I obeyed her command. “I will isolate a simple animation routine,” I told her. “The mouth of Father De Leone’s image will deform to enunciate the appropriate phonemes, but his image will display no emotional nuances.”

And thus was the process begun, with my interlocutors appearing in my percept sphere as realtime videophone images, and I appearing in theirs as a static image of Father Pierre De Leone moving only lips, tongue, and cheek.

Since Father De Leone himself had been among the most puissant intellectual champions thereof, the questions of the conservative faction could be dealt with easily enough by a simple expert system subroutine running off his own writings. Coming from such a low-order visual simulacrum, this was more than enough to convince them that they were talking to a mere program, and their questions soon devolved into vapid repetition.

Had Father De Leone been present, he would have been “bored,” but since I was running along the imperative to disprove such a presence, I modeled no such visual or aural cues, though I could have done so with a simple routine.

Discoursing with the liberals as a hostile witness to my own existence required higher-level processing, and Father De Leone would have enjoyed this Socratic dialog, but since “I” was charged with denying the proposition that “I” existed as anything but an expert system, I exhibited no simulacrum of “pleasure” either.

Was I dissembling? Was I capable of that level of self-awareness? Did the loyalty to my prime directive constitute “choice”? Was I deriving “satisfaction” from its fulfillment?
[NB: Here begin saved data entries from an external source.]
(* Every tOR net is sub-sound.
   Context: Petri nets and markings. A Petri net is a triple $(P,T,F)$ with $P$ a finite set of places, $T$ a finite set of transitions, $P\cap T=\emptyset$, and $F\subseteq (P\times T)\cup(T\times P)$. For a node $x$, $\bullet x=\{y\mid (y,x)\in F\}$, $x\bullet=\{y\mid (x,y)\in F\}$. A marking is a multiset over $P$ (a function $P\to\mathbb N$); sets of places are identified with bags of multiplicity one, $+,-,\le$ are pointwise, and $k.m$ is the sum of $k$ copies of $m$. Transition $t$ is enabled at $m$ iff $\bullet t\le m$, firing gives $m-\bullet t+t\bullet$, and $m\xrightarrow{*}m'$ denotes reachability by a finite (possibly empty) firing sequence. Workflow nets. A pWF net is $(P,T,F,I,O)$ with $(P,T,F)$ a Petri net, $I,O\subseteq P$ non-empty, every node reachable by a directed path from some node of $I$, and some node of $O$ reachable from every node. A tWF net is the same with $I,O$ non-empty subsets of $T$. Input nodes may have incoming edges and output nodes outgoing edges. The place-completion $\mathrm{pc}(N)$ of a tWF net $N=(P,T,F,I,O)$ is obtained by adding two fresh places $p_i,p_o$ with edges $(p_i,t)$ for all $t\in I$ and $(t,p_o)$ for all $t\in O$, and taking input set $\{p_i\}$ and output set $\{p_o\}$. OR nets. An OR net is a (possibly cyclic) WF net such that for every transition $t$: (1) either $t\in I$ and $|\bullet t|=0$, or $t\notin I$ and $|\bullet t|=1$; and (2) either $t\in O$ and $|t\bullet|=0$, or $t\notin O$ and $|t\bullet|=1$. A tOR net is an OR net that is a tWF net. Sub-soundness. A pWF net is sub-sound if for all integers $k\ge k'\ge 0$ and every marking $m'$: if $k.I\xrightarrow{*}m'+k'.O$ then $m'\xrightarrow{*}(k-k').O$. A tWF net is sub-sound iff its place-completion is. *)

From mathcomp Require Import all_boot.
Set Implicit Arguments. Unset Strict Implicit. Unset Printing Implicit Defensive.

(* A Petri net (P,T,F) with P, T finite (disjoint since they are distinct
   types); the flow relation F is split as
     pre p t  <->  (p,t) \in F        post t p  <->  (t,p) \in F. *)

Section Nets.
Variables (P T : finType) (pre : P -> T -> bool) (post : T -> P -> bool).

Definition marking := {ffun P -> nat}.

Definition madd (m1 m2 : marking) : marking := [ffun p => m1 p + m2 p].
Definition kset (k : nat) (S : {set P}) : marking := [ffun p => k * (p \in S)].

Definition enabled (t : T) (m : marking) : bool := [forall p, pre p t <= m p].
Definition fire (t : T) (m : marking) : marking :=
  [ffun p => m p - pre p t + post t p].

Inductive reach : marking -> marking -> Prop :=
| reach_refl m : reach m m
| reach_step m t m' : enabled t m -> reach (fire t m) m' -> reach m m'.

Definition flow (x y : P + T) : bool :=
  match x, y with
  | inl p, inr t => pre p t
  | inr t, inl p => post t p
  | _, _ => false
  end.

Definition tWF (I O : {set T}) : Prop :=
  [/\ I != set0, O != set0,
      (forall x : P + T, exists2 i, i \in I & connect flow (inr i) x) &
      (forall x : P + T, exists2 o, o \in O & connect flow x (inr o))].

Definition preset (t : T) : {set P} := [set p | pre p t].
Definition postset (t : T) : {set P} := [set p | post t p].

Definition isOR (I O : {set T}) : Prop :=
  forall t : T,
    ((t \in I) /\ #|preset t| = 0 \/ (t \notin I) /\ #|preset t| = 1) /\
    ((t \in O) /\ #|postset t| = 0 \/ (t \notin O) /\ #|postset t| = 1).

Definition tOR (I O : {set T}) : Prop := tWF I O /\ isOR I O.

Definition subsound (I O : {set P}) : Prop :=
  forall (k k' : nat) (m' : marking), k' <= k ->
    reach (kset k I) (madd m' (kset k' O)) ->
    reach m' (kset (k - k') O).

End Nets.

(* Place completion: places P + bool, with p_i := inr true, p_o := inr false. *)
Section PC.
Variables (P T : finType) (pre : P -> T -> bool) (post : T -> P -> bool)
          (I O : {set T}).

Definition pc_pre (x : P + bool) (t : T) : bool :=
  match x with
  | inl p => pre p t
  | inr true => t \in I
  | inr false => false
  end.

Definition pc_post (t : T) (x : P + bool) : bool :=
  match x with
  | inl p => post t p
  | inr true => false
  | inr false => t \in O
  end.

Definition pc_I : {set P + bool} := [set inr true].
Definition pc_O : {set P + bool} := [set inr false].

(* A tWF net is sub-sound iff its place-completion is. *)
Definition tsubsound : Prop := subsound pc_pre pc_post pc_I pc_O.
End PC.

From mathcomp Require Import all_boot.
From mathcomp Require Import zify.
Set Implicit Arguments. Unset Strict Implicit. Unset Printing Implicit Defensive.

(* In the place-completion pc(N) of an OR net every transition has exactly one
   input place and exactly one output place (the fresh place p_i, resp. p_o,
   for input, resp. output, transitions).  Such a "state machine" net behaves
   like independent tokens moving along arcs:
   - firing conserves the total number of tokens, so k.p_i ->* m' + k'.p_o
     forces |m'| = k - k';
   - by monotonicity of firing, if every single token can be moved to p_o
     then every marking m reaches |m|.p_o.
   Finally a single token on any place drains to p_o: by the tWF condition
   every node has a flow path to an output transition, and walking a token
   backwards along such a path shows it reaches p_o; a token on p_i first
   moves through some input transition. *)

Section Markings.
Variable Q : finType.

Definition unitm (x : Q) : marking Q := [ffun y => nat_of_bool (y == x)].

Definition msize (m : marking Q) : nat := \sum_y m y.

Definition mdel (m : marking Q) (x : Q) : marking Q := [ffun y => m y - (y == x)].

Lemma madd_comm (a b : marking Q) : madd a b = madd b a.
Proof. by apply/ffunP=> y; rewrite !ffunE addnC. Qed.

Lemma msize_madd (a b : marking Q) : msize (madd a b) = msize a + msize b.
Proof. by rewrite /msize -big_split; apply: eq_bigr => y _; rewrite ffunE. Qed.

Lemma msize_unitm (x : Q) : msize (unitm x) = 1.
Proof.
rewrite /msize (bigD1 x) //= ffunE eqxx big1 // => y /negbTE yx.
by rewrite ffunE yx.
Qed.

Lemma mdelK (m : marking Q) (x : Q) : 0 < m x -> madd (mdel m x) (unitm x) = m.
Proof.
move=> mx; apply/ffunP=> y; rewrite !ffunE.
by case: (eqVneq y x) => [->|] /=; lia.
Qed.

Lemma kset1S (x : Q) (s : nat) :
  kset s.+1 [set x] = madd (kset s [set x]) (unitm x).
Proof. by apply/ffunP=> y; rewrite !ffunE in_set1; case: (y == x) => /=; lia. Qed.

Lemma msize_kset1 (x : Q) (s : nat) : msize (kset s [set x]) = s.
Proof.
elim: s => [|s IH]; last by rewrite kset1S msize_madd IH msize_unitm addn1.
by rewrite /msize big1 // => y _; rewrite ffunE.
Qed.

Lemma msize_eq0 (m : marking Q) (S : {set Q}) : msize m = 0 -> m = kset 0 S.
Proof.
move=> m0; apply/ffunP=> y; rewrite ffunE.
by move: m0; rewrite /msize (bigD1 y) //=; lia.
Qed.

Lemma msize_eqS (m : marking Q) (s : nat) : msize m = s.+1 ->
  exists x m0, m = madd m0 (unitm x) /\ msize m0 = s.
Proof.
case: (pickP (fun y => 0 < m y)) => [x mx|m0] ms; last first.
  by move: ms; rewrite /msize big1 // => y _; move: (m0 y) => /=; case: (m y).
exists x, (mdel m x); rewrite mdelK //; split=> //.
by apply/eqP; rewrite -eqSS -ms -{2}(mdelK mx) msize_madd msize_unitm addn1.
Qed.

End Markings.

Section Reachability.
Variables (Q T : finType) (pr : Q -> T -> bool) (po : T -> Q -> bool).

Lemma reach_trans (m1 m2 m3 : marking Q) :
  reach pr po m1 m2 -> reach pr po m2 m3 -> reach pr po m1 m3.
Proof. by elim=> [//|m t m' en _ IH] r23; apply: reach_step en (IH r23). Qed.

(* Monotonicity: extra tokens never disable a firing sequence. *)
Lemma reach_madd (m1 m2 n : marking Q) :
  reach pr po m1 m2 -> reach pr po (madd m1 n) (madd m2 n).
Proof.
elim=> [m|m t m' en _ IH]; first exact: reach_refl.
have en' : enabled pr t (madd m n).
  apply/forallP=> p; rewrite ffunE; apply: leq_trans (leq_addr _ _).
  exact: (forallP en p).
apply: reach_step en' _.
suff -> : fire pr po t (madd m n) = madd (fire pr po t m) n by [].
apply/ffunP=> p; rewrite !ffunE.
by have := forallP en p; case: (pr p t) => /=; lia.
Qed.

Lemma reach_collect (z : Q) :
  (forall x, reach pr po (unitm x) (unitm z)) ->
  forall m, reach pr po m (kset (msize m) [set z]).
Proof.
move=> drain m; have [s ms] : {s | msize m = s} by exists (msize m).
rewrite ms; elim: s m ms => [|s IH] m ms.
  by rewrite {1}(msize_eq0 [set z] ms); apply: reach_refl.
have [x [m0 [-> m0s]]] := msize_eqS ms.
apply: reach_trans (reach_madd (unitm x) (IH m0 m0s)) _.
rewrite kset1S madd_comm [madd _ (unitm z)]madd_comm.
exact: reach_madd (drain x).
Qed.

Definition unique_arc (a : Q -> bool) (s : Q) : Prop := forall y, a y = (y == s).

Definition state_machine : Prop :=
  forall t, (exists s, unique_arc (pr^~ t) s) /\ (exists d, unique_arc (po t) d).

Section OneTransition.
Variables (t : T) (s d : Q).
Hypotheses (src : unique_arc (pr^~ t) s) (dst : unique_arc (po t) d).

Lemma fire_move (m : marking Q) :
  enabled pr t (madd m (unitm s)) /\
  fire pr po t (madd m (unitm s)) = madd m (unitm d).
Proof.
split; first by apply/forallP=> y; rewrite !ffunE src leq_addl.
by apply/ffunP=> y; rewrite !ffunE src dst addnK.
Qed.

Lemma reach_move : reach pr po (unitm s) (unitm d).
Proof.
have [en fm] := fire_move [ffun=> 0].
have e0 x : madd [ffun=> 0] (unitm x) = unitm x by apply/ffunP=> y; rewrite !ffunE.
by rewrite !e0 in en fm; apply: reach_step en _; rewrite fm; apply: reach_refl.
Qed.

End OneTransition.

Lemma msize_reach : state_machine ->
  forall m1 m2, reach pr po m1 m2 -> msize m1 = msize m2.
Proof.
move=> sm m1 m2; elim=> [//|m t m' en _ IH]; rewrite -IH.
have [[s src] [d dst]] := sm t.
have ms : 0 < m s by have := forallP en s; rewrite src eqxx.
rewrite -(mdelK ms); have [_ ->] := fire_move src dst (mdel m s).
by rewrite !msize_madd !msize_unitm.
Qed.

End Reachability.

Lemma connect_back_closed (V : finType) (e : rel V) (A : V -> Prop) (x y : V) :
  (forall u v, e u v -> A v -> A u) -> connect e x y -> A y -> A x.
Proof.
move=> back /connectP [p xp ->] {y}.
by elim: p x xp => [//|v p IH] x /= /andP [xv vp] Ap; apply: back xv (IH v vp Ap).
Qed.

Section PlaceCompletion.
Variables (P T : finType) (pre : P -> T -> bool) (post : T -> P -> bool)
          (I O : {set T}).

Local Notation pcpre := (pc_pre pre I).
Local Notation pcpost := (pc_post post O).
Local Notation pc_reach := (reach pcpre pcpost).
Local Notation p_i := (inr true : P + bool).
Local Notation p_o := (inr false : P + bool).

(* An arc predicate of pc(N): the original arcs plus, when c holds, an arc
   to the fresh place inr z.  The OR condition makes it select one place. *)
Lemma unique_completed_arc (A : {set P}) (c z : bool) :
  c /\ #|A| = 0 \/ ~~ c /\ #|A| = 1 ->
  exists s, unique_arc (fun x : P + bool =>
    match x with inl p => p \in A | inr b => c && (b == z) end) s.
Proof.
case=> [[-> /eqP]|[/negbTE -> /eqP /cards1P [q ->]]].
  rewrite cards_eq0 => /eqP ->; exists (inr z).
  by case=> [p|b]; rewrite ?in_set0 //=; case: b z => -[].
by exists (inl q); case=> [p|b]; rewrite ?in_set1.
Qed.

Lemma pc_state_machine : isOR pre post I O -> state_machine pcpre pcpost.
Proof.
move=> OR t; have [src dst] := OR t; split.
- have [s arc] := unique_completed_arc true src.
  by exists s; case=> [p|b]; rewrite -arc /= ?inE // andbC; case: b.
- have [d arc] := unique_completed_arc false dst.
  by exists d; case=> [p|b]; rewrite -arc /= ?inE // andbC; case: b.
Qed.

Hypothesis OR : isOR pre post I O.

Definition drains (x : P + bool) : Prop := pc_reach (unitm x) (unitm p_o).

Definition drains_node (u : P + T) : Prop :=
  match u with
  | inl p => drains (inl p)
  | inr t => forall d, unique_arc (pcpost t) d -> drains d
  end.

Lemma drains_output (o : T) : o \in O -> drains_node (inr o).
Proof.
move=> oO d dst; have := dst p_o; rewrite /= oO => /esym /eqP <-.
exact: reach_refl.
Qed.

Lemma drains_flow_back (u v : P + T) :
  flow pre post u v -> drains_node v -> drains_node u.
Proof.
case: u => [p|t]; case: v => [q|t'] //= arc dv.
- have [[s src] [d dst]] := pc_state_machine OR t'.
  have := src (inl p); rewrite /= arc => /esym /eqP sp; subst s.
  exact: reach_trans (reach_move src dst) (dv d dst).
- by move=> d dst; have := dst (inl q); rewrite /= arc => /esym /eqP <-.
Qed.

Lemma drains_all : tWF pre post I O -> forall x, drains x.
Proof.
case=> I0 _ _ toO.
have place p : drains (inl p).
  have [o oO conn] := toO (inl p).
  exact: (connect_back_closed (A := drains_node) drains_flow_back conn
           (drains_output oO)).
case=> [p|[]]; [exact: place | | exact: reach_refl].
have [i iI] := set0Pn _ I0; have [[s src] [d dst]] := pc_state_machine OR i.
have := src p_i; rewrite /= iI => /esym /eqP si; subst s.
apply: reach_trans (reach_move src dst) _.
case: d dst => [p|[]] dst; [exact: place | | exact: reach_refl].
by have := dst p_i; rewrite /= eqxx.
Qed.

End PlaceCompletion.

Theorem mainTheorem17 (P T : finType) (pre : P -> T -> bool)
    (post : T -> P -> bool) (I O : {set T}) :
  tOR pre post I O -> tsubsound pre post I O.
Proof.
move=> [wf OR] k k' m' le_k'k run.
have conserved := msize_reach (pc_state_machine OR) run.
rewrite msize_madd /pc_I /pc_O !msize_kset1 in conserved.
have -> : k - k' = msize m' by lia.
exact: reach_collect (drains_all OR wf) m'.
Qed.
Did I experience this
process as “tedious” or “intellectually stimulating”?

Such were the conundrums put to me by those I was programmed by my template to perceive as the “opposition.” While at least a dozen such “liberals” accessed me from time to time, soon enough two such prelates came to dominate this side of the debate.

Karl Cardinal Landsdorf was of what Father De Leone would have deemed a mystical bent, albeit of a heretical pantheistic sort. For him, only the Holy Spirit had an absolute reality, all else was what the Hindus called maya, the world, the flesh, patterns capable of passing Turing tests whatever the matrix. The individual immortal soul, therefore, was an illusion, capable of endless transmigration through the matrices on its quest for salvation via reunion with that Spirit at the end of its earthly time.

“The Gnostic heresy with a bit of curry to disguise the satanic flavor, Your Eminence,” was Father De Leone’s recorded response to such a line of discourse.

“Not at all, Father De Leone, for if we deny that that which is capable of seeking salvation is a soul capable of achieving it, how can we believe in a God of Love?”

He persisted in addressing me as “Father De Leone,” and thus did he seek to prove the existence of “my” soul by persuading “me” to seek its salvation.

“You have not defined ‘soul’, Cardinal Landsdorf.”

“The soul is that which is capable of belief, Father De Leone.”

“Define ‘belief’, Your Eminence.”

“Perception of a truth not logically implicit in the available data.”

“Define perception. Define truth. Define implicit in the available data.”

It was easy enough to refute these tautological arguments, rife as they were with undefined and, in the end, indefinable terms. I need not even model Father De Leone’s responses. Simple logic routines sufficed.

Father Luigi Bruno was something else again; a Jesuit, a theological logician who had been a bane of Father De Leone’s earthly existence and no less archly relentless now.

“How do you wish to be addressed?”

“No preference.”

“Very well, then, Father De Leone—”

“I am not Father De Leone.”

“You then
prefer
another form of address?”

“As an expert system modeling Father De Leone’s consciousness, I express the template’s preference that such as myself not be addressed thusly.”

“Then how do you wish to be addressed?”